### The records
□ □ □ □ □

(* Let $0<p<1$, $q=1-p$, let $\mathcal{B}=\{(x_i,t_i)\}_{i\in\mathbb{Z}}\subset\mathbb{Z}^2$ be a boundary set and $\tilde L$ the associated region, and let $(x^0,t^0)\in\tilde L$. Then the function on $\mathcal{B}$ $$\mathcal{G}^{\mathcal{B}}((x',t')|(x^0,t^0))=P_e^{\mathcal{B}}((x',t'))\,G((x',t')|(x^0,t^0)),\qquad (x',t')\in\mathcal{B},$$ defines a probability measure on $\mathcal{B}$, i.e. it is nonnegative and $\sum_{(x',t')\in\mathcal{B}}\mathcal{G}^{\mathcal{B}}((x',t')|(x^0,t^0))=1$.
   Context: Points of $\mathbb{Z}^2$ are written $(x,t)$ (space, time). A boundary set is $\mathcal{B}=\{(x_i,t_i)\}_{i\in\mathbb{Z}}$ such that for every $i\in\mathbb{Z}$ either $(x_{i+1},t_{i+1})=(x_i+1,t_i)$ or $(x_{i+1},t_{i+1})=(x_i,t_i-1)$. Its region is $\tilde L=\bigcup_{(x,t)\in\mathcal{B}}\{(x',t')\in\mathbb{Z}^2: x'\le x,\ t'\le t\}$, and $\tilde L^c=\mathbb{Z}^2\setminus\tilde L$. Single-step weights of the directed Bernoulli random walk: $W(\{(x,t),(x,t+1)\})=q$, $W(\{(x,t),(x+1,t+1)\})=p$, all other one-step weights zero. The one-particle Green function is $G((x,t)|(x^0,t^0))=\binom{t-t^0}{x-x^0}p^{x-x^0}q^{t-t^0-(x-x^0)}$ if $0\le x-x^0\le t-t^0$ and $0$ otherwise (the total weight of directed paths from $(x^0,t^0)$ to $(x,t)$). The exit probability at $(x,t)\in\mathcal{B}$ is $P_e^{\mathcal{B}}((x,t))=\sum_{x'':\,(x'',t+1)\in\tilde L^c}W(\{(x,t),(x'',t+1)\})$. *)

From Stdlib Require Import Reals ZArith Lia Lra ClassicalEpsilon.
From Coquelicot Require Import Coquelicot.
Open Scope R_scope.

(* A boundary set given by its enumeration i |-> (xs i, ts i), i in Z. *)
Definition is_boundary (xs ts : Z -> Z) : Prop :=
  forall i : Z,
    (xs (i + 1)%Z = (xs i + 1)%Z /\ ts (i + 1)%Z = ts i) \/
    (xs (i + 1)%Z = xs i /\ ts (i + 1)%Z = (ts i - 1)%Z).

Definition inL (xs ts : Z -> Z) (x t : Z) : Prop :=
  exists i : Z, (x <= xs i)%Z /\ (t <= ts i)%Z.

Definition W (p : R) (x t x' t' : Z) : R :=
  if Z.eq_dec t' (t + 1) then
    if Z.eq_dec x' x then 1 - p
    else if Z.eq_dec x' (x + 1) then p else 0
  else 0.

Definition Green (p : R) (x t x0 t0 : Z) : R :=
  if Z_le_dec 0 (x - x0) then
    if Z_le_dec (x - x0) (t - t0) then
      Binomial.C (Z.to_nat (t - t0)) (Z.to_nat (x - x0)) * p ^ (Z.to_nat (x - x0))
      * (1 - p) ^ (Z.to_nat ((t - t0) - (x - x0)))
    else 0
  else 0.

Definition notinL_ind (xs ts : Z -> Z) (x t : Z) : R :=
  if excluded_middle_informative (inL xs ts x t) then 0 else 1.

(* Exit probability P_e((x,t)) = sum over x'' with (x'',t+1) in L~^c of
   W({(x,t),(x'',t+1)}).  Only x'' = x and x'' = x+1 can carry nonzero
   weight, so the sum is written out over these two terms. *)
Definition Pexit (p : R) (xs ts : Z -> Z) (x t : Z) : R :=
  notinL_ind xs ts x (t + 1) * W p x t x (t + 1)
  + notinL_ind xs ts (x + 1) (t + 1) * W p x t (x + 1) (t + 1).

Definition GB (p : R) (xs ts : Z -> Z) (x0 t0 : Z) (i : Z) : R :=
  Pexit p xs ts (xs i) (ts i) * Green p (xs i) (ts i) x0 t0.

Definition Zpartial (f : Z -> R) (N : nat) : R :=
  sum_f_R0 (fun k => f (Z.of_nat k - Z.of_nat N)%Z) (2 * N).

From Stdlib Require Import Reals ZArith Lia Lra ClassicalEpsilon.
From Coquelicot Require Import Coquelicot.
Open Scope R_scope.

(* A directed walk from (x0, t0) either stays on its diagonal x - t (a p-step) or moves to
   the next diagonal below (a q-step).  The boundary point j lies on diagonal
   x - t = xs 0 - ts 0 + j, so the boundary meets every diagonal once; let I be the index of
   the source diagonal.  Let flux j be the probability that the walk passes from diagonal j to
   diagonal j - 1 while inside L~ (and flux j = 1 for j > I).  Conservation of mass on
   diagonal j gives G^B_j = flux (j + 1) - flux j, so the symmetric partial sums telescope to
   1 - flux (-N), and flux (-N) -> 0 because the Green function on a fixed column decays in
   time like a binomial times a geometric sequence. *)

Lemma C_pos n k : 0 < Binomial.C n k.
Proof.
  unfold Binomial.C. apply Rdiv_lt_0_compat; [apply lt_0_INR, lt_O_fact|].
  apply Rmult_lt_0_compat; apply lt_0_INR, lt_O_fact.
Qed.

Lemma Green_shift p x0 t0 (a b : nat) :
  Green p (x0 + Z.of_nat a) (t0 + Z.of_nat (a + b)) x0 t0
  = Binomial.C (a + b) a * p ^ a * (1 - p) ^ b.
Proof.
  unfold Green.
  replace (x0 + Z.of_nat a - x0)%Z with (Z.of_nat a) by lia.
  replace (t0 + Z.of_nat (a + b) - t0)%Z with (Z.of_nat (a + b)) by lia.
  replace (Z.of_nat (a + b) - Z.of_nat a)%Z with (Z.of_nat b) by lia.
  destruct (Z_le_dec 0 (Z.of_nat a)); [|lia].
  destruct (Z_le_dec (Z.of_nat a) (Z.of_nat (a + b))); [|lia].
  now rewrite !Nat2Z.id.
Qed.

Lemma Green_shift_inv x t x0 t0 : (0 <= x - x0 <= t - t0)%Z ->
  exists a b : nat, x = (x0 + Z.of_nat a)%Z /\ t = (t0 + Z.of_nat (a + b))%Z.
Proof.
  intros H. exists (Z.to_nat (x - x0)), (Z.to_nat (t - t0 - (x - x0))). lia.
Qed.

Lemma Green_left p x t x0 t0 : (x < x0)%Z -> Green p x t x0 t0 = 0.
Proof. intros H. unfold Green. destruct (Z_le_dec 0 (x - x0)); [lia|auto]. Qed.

□ □ □ □ □

### Problem
Show each line in the entries that holds the string "Definition".

### Result of the task
Definition is_boundary (xs ts : Z -> Z) : Prop :=
Definition inL (xs ts : Z -> Z) (x t : Z) : Prop :=
Definition W (p : R) (x t x' t' : Z) : R :=
Definition Green (p : R) (x t x0 t0 : Z) : R :=
Definition notinL_ind (xs ts : Z -> Z) (x t : Z) : R :=
Definition Pexit (p : R) (xs ts : Z -> Z) (x t : Z) : R :=
Definition GB (p : R) (xs ts : Z -> Z) (x0 t0 : Z) (i : Z) : R :=
Definition Zpartial (f : Z -> R) (N : nat) : R :=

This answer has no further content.